Playing with Fire // Squirreling // Precipice: 10.3.16
I turned our last three themes into cues for a three-part short story. That was fun.
Playing with Fire
A voice feels like a secure thing, safe in our throats humming up and down our vocal chords, but we lose them all the time. The first voice I found was at the grocery store, bumbling and buzzing, stuck in a pile of lemons. It was easy to catch, like scooping up a moth battering itself against a window. All the way home it burred and ta-ta-tummed in my pocket. It was warm in my hand and tickled my skin like an owl feather. I tried to let it go, honestly I did, but it was lost and befuddled, clearly missing its person. Once it felt my warmth, it clung to me. I had to keep it.
It was a deep voice, a man’s, a little rough from smoke or shouting, with a soft Scottish burr. It hummed tunelessly, maddeningly, for hours on my pillow. At 2 am I sealed it in a mason jar and stuck it between bags of dried beans in the pantry.
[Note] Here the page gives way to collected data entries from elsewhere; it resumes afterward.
Lemma s2_eq : s2 = 2 / s2.
Proof. by rewrite -[in RHS]s2_sq expr2 mulfK // s2_neq0. Qed.

Ltac mx3_field :=
  have := s2_neq0; (have : (2 : algC) != 0 by rewrite pnatr_eq0);
  move=> ? ?; rewrite !mx3_mul; congr mx3;
  try (field; done); rewrite [in RHS]s2_eq; by field.

Lemma P_Pinv : P *m Pinv = 1%:M.
Proof. rewrite /P /Pinv -mx3_1; mx3_field. Qed.

Lemma P_unit : P \in unitmx.
Proof. by have [] := mulmx1_unit P_Pinv. Qed.

Lemma conjP_of X Y Yx : X *m P = P *m Yx -> Yx = Y -> conjm P X = Y.
Proof.
by move=> XP <-; rewrite /conjm -mulmxA XP mulmxA mulVmx ?P_unit // mul1mx.
Qed.

Lemma conjP_G1 : conjm P G1 = G1m.
Proof.
by apply: (@conjP_of _ _ (mx3 0 0 (z^+7) 0 (-z^+4) 0 (z^+7) 0 0));
  [rewrite /G1 /diag3 /P; mx3_field | mx_entries].
Qed.

Lemma conjP_G2 : conjm P G2 = G2m.
Proof.
by apply: (@conjP_of _ _ (mx3 (-z^+4) 0 0 0 0 (z^+7) 0 (z^+7) 0));
  [rewrite /G2 /P; mx3_field | mx_entries].
Qed.

Lemma conjP_H1 : conjm P H1 = H1m.
Proof.
by apply: (@conjP_of _ _ (mx3 0 (-1) 0 (-1) 0 0 0 0 (-1)));
  [rewrite /H1 /P; mx3_field | mx_entries].
Qed.

Lemma conjP_H3 : conjm P H3 = Em.
Proof.
by apply: (@conjP_of _ _ E); [rewrite /H3 /P /E; mx3_field | mx_entries].
Qed.

Lemma conjP_A : conjm P A = Am.
Proof.
have G1m_inv : invmx G1m = permm [:: 2; 1; 0] [:: 11; 5; 11].
  by apply: invmx_eq; mono_calc.
rewrite /A !(conjmM P_unit) (conjmV P_unit) conjP_G1 conjP_G2 G1m_inv; mono_calc.
Qed.

Lemma conjP_B : conjm P B = Bm.
Proof.
have G2m2_inv : invmx (G2m *m G2m) = diagm [:: 10; 4; 4].
  by apply: invmx_eq; mono_calc.
rewrite /B !(conjmM P_unit) (conjmV P_unit) !(conjmM P_unit) conjP_G2.
by rewrite G2m2_inv conjP_G1; mono_calc.
Qed.

Lemma gen_in0 (a : M3) l : gen (a :: l) a.
Proof. by apply: gen_in; rewrite mem_head. Qed.
Lemma gen_in1 (a b : M3) l : gen (a :: b :: l) b.
Proof. by apply: gen_in; rewrite !inE eqxx orbT. Qed.
Lemma gen_in2 (a b c : M3) l : gen (a :: b :: c :: l) c.
Proof. by apply: gen_in; rewrite !inE eqxx !orbT. Qed.

Ltac gen_word := match goal with
 | |- gen _ (_ *m _) => apply: gen_mul; gen_word
 | |- gen _ (_ ^+ _) => apply: gen_pow; gen_word
 | |- _ => first [exact: gen_in0 | exact: gen_in1 | exact: gen_in2]
 end.

Lemma gen_word_eq gs (x w : M3) : x = w -> gen gs w -> gen gs x.
Proof. by move->. Qed.

Ltac gen_by w := apply: (@gen_word_eq _ _ w); [mono_calc | gen_word].

Definition Dm := gen [:: F2m; Em; Btm].
Definition NDm := gen [:: F2m; C2m].
Definition KDm := gen [:: Btm; Em].

Lemma D9E : D9 = Dm.
Proof. by rewrite /D9 FF_mono E_mono Bt_mono. Qed.
Lemma NDE : ND = NDm.
Proof. by rewrite /ND FF_mono C2_mono. Qed.
Lemma KDE : KD = KDm.
Proof. by rewrite /KD E_mono Bt_mono. Qed.

Lemma F2m_order : F2m *m F2m ^+ 8 = 1%:M. Proof. mono_calc. Qed.
Lemma C2m_order : C2m *m C2m ^+ 2 = 1%:M. Proof. mono_calc. Qed.
Lemma Em_order : Em *m Em ^+ 2 = 1%:M. Proof. mono_calc. Qed.
Lemma Btm_order : Btm *m Btm ^+ 1 = 1%:M. Proof. mono_calc. Qed.

(* Since the generators have finite order, properties closed under products
   hold on D, N_D and K_D as soon as they hold on the generators. *)
Lemma Dm_ind (Q : M3 -> Prop) : Q 1%:M -> Q F2m -> Q Em -> Q Btm ->
  (forall x y, Q x -> Q y -> Q (x *m y)) -> forall x, Dm x -> Q x.
Proof.
move=> Q1 QF QE QB QM; apply: gen_ind_mul => // g;
  rewrite !inE => /or3P[]/eqP-> //.
- by apply: mon_inv_gen F2m_order; rewrite !inE eqxx.
- by apply: mon_inv_gen Em_order; rewrite !inE eqxx orbT.
- by apply: mon_inv_gen Btm_order; rewrite !inE eqxx !orbT.
Qed.

Lemma NDm_ind (Q : M3 -> Prop) : Q 1%:M -> Q F2m -> Q C2m ->
  (forall x y, Q x -> Q y -> Q (x *m y)) -> forall x, NDm x -> Q x.
Proof.
move=> Q1 QF QC QM; apply: gen_ind_mul => // g;
  rewrite !inE => /orP[]/eqP-> //.
- by apply: mon_inv_gen F2m_order; rewrite !inE eqxx.
- by apply: mon_inv_gen C2m_order; rewrite !inE eqxx orbT.
Qed.

Lemma KDm_ind (Q : M3 -> Prop) : Q 1%:M -> Q Btm -> Q Em ->
  (forall x y, Q x -> Q y -> Q (x *m y)) -> forall x, KDm x -> Q x.
Proof.
move=> Q1 QB QE QM; apply: gen_ind_mul => // g;
  rewrite !inE => /orP[]/eqP-> //.
- by apply: mon_inv_gen Btm_order; rewrite !inE eqxx.
- by apply: mon_inv_gen Em_order; rewrite !inE eqxx orbT.
Qed.

(* Elements of D: monomial with all exponents congruent mod 3. *)
Definition mono_cong3 (x : M3) := exists p e, [/\ x = mono p e, ok3 p
  & forall i, (i < 3)%N -> (e i %% 3 = e 0 %% 3)%N].
(* Elements of N_D: diagonal with entries 9th roots of unity. *)
Definition diag_even (x : M3) := exists e, x = mono (fun i => i) e /\
  forall i, (i < 3)%N -> ~~ odd (e i).
(* Elements of K_D: monomial with entries ±1. *)
Definition signed_perm (x : M3) := exists p e, [/\ x = mono p e, ok3 p
  & forall i, (i < 3)%N -> (9 %| e i)%N].

Lemma mono_cong3_mul x y : mono_cong3 x -> mono_cong3 y -> mono_cong3 (x *m y).
Proof.
move=> [p1 [e1 [-> p1ok e1c]]] [p2 [e2 [-> p2ok e2c]]].
have p13 := iffLR (ok3E p1) p1ok; have p23 := iffLR (ok3E p2) p2ok.
exists (fun i => p2 (p1 i)), (fun i => e1 i + e2 (p1 i))%N; split.
- by rewrite mono_mul.
- by apply/ok3E=> i /p13 /p23.
- move=> i i3; rewrite -modnDm e1c // e2c ?p13 //.
  by rewrite -(e2c (p1 0%N)) ?p13 // modnDm.
Qed.

Lemma diag_even_mul x y : diag_even x -> diag_even y -> diag_even (x *m y).
Proof.
move=> [e1 [-> e1ev]] [e2 [-> e2ev]]; exists (fun i => e1 i + e2 i)%N; split.
  by rewrite mono_mul.
by move=> i i3; rewrite oddD negb_add (negbTE (e1ev _ i3)) (negbTE (e2ev _ i3)).
Qed.

Lemma signed_perm_mul x y :
  signed_perm x -> signed_perm y -> signed_perm (x *m y).
Proof.
move=> [p1 [e1 [-> p1ok e1s]]] [p2 [e2 [-> p2ok e2s]]].
have p13 := iffLR (ok3E p1) p1ok; have p23 := iffLR (ok3E p2) p2ok.
exists (fun i => p2 (p1 i)), (fun i => e1 i + e2 (p1 i))%N; split.
- by rewrite mono_mul.
- by apply/ok3E=> i /p13 /p23.
- by move=> i i3; rewrite dvdn_addr ?e1s // e2s ?p13.
Qed.

Lemma Dm_cong3 x : Dm x -> mono_cong3 x.
Proof.
apply: Dm_ind; last exact: mono_cong3_mul.
- by exists (fun i => i), (fun _ => 0%N); rewrite mono1.
- by exists (fun i => i), (L [:: 2; 2; 14]); split=> // -[|[|[|i]]].
- by exists (L [:: 1; 2; 0]), (L [:: 0; 0; 0]); split=> // -[|[|[|i]]].
- by exists (L [:: 0; 2; 1]), (L [:: 9; 9; 9]); split=> // -[|[|[|i]]].
Qed.

Lemma NDm_diag_even x : NDm x -> diag_even x.
Proof.
apply: NDm_ind; last exact: diag_even_mul.
- by exists (fun _ => 0%N); rewrite mono1.
- by exists (L [:: 2; 2; 14]); split=> // -[|[|[|i]]].
- by exists (L [:: 6; 0; 12]); split=> // -[|[|[|i]]].
Qed.

Lemma KDm_signed_perm x : KDm x -> signed_perm x.
Proof.
apply: KDm_ind; last exact: signed_perm_mul.
- by exists (fun i => i), (fun _ => 0%N); rewrite mono1.
- by exists (L [:: 0; 2; 1]), (L [:: 9; 9; 9]); split=> // -[|[|[|i]]].
- by exists (L [:: 1; 2; 0]), (L [:: 0; 0; 0]); split=> // -[|[|[|i]]].
Qed.

(* N_D ∩ K_D = 1: a diagonal matrix of 9th roots of unity with entries ±1. *)
Lemma diag_even_signed_perm x : diag_even x -> signed_perm x -> x = 1%:M.
Proof.
move=> [e [-> eev]] [p' [e' [ee' p'ok e's]]].
have p'3 := iffLR (ok3E p') p'ok.
have e1 i : (i < 3)%N -> z ^+ e i = 1.
  move=> i3; apply: (z_exp_even_9 (eev _ i3) (e's _ i3)).
  have := congr1 (fun M : M3 => M (Ordinal i3) (Ordinal (p'3 _ i3))) ee'.
  rewrite /= !mxE /= eqxx; case: eqP => // _ /eqP.
  by rewrite eq_sym (negbTE (z_exp_neq0 _)).
rewrite -mono1; apply: mono_ext => // i i3; rewrite e1 ?expr0.
Qed.

Lemma Dm_normal g n : g \in [:: F2m; Em; Btm] -> n \in [:: F2m; C2m] ->
  NDm (conjm g n) /\ NDm (conjm (invmx g) n).
Proof.
rewrite !inE => /or3P[]/eqP-> /orP[]/eqP->; rewrite /conjm invmxK;
  rewrite ?(invmx_eq F2m_order) ?(invmx_eq Em_order) ?(invmx_eq Btm_order);
  split.
- gen_by F2m.
- gen_by F2m.
- gen_by C2m.
- gen_by C2m.
- gen_by (F2m *m C2m *m C2m).
- gen_by (F2m ^+ 7 *m C2m).
- gen_by (F2m ^+ 3 *m C2m).
- gen_by (F2m ^+ 6 *m C2m).
- gen_by (F2m ^+ 7 *m C2m).
- gen_by (F2m ^+ 7 *m C2m).
- gen_by (F2m ^+ 6 *m C2m ^+ 2).
- gen_by (F2m ^+ 6 *m C2m ^+ 2).
Qed.

Lemma semidirect_Dm : semidirect Dm NDm KDm.
Proof.
apply: semidirect_gen.
- move=> g; rewrite !inE => /or3P[]/eqP->;
    [case: (mulmx1_unit F2m_order) | case: (mulmx1_unit Em_order)
    | case: (mulmx1_unit Btm_order)] => //.
- move=> n; rewrite !inE => /orP[]/eqP->; first by gen_word.
  by gen_by (F2m *m F2m *m Btm *m F2m *m Btm).
- by move=> k; rewrite !inE => /orP[]/eqP->; gen_word.
- exact: Dm_normal.
- move=> g; rewrite !inE => /or3P[]/eqP->.
  + by exists F2m, 1%:M; split; [gen_word | apply: gen_one | rewrite mulmx1].
  + by exists 1%:M, Em; split; [apply: gen_one | gen_word | rewrite mul1mx].
  + by exists 1%:M, Btm; split; [apply: gen_one | gen_word | rewrite mul1mx].
- move=> x /NDm_diag_even xN /KDm_signed_perm xK; exact: diag_even_signed_perm.
Qed.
In the morning, I considered the jar with puffy eyes as I sipped strong coffee. As a child I had loved to chew things – I’d suck on plastic Barbie shoes, gnaw the salty ends of my glasses, bite my fingernails to nubs. It was an intense compulsion, a hunger, and I felt something like that now as I listened to the muted voice from inside its jar. I wanted that voice.
I unscrewed the jar. The humming briefly became louder, then muffled as I jammed it into my mouth. I tasted wood smoke and musty wool, bergamot and spearmint. I coughed and gagged. It was like trying to swallow a milkweed fluff and I gulped for air, eyes watering, until it settled itself in my throat.
The next time I coughed, it was a deep Scottish smoker’s rasp. I laughed, astonished, with throaty chuckles that were not mine. A little puff of something flew out of my mouth and landed in my lap. It was my own voice, bewildered and shrinking from the light. I carefully tucked it into the jar. I narated my actions as I washed the dishes, recited little bits of poetry, told myself some knock knock jokes, anything to hear the bass viola coming from my chest.
But I couldn’t go out into the world like that. Dislodging the voice required something close to self-inflicting the Heimlich maneuver while in downward facing dog, with a long rest afterwards. With relief I sucked my own voice back into my throat and went to work.
I barely made it til lunch. Faking digestive troubles, I spent the rest of the day hunting for more lost voices.
Like any diligent forager, I began to see my quarry like bright acorns among the weeds. Lost voices were snagged in the wire of shopping carts; tumbled into lint traps; wrapped in a delicate husks I would peel back before pushing them into my mouth. I thought of them as orphans which made capturing them feel more altruistic. It wasn’t as if i could staple posters to telephone poles, “Found in laundromat, Silky Female Spanish Accent, approximately age 40…” I didn’t see any posters begging, “Have You Heard Me?” The voices needed me. Soon I’d moved all of the cereal and pasta out of my pantry and lined the shelves with mismatched jars holding a chorus of flittering Found Voices.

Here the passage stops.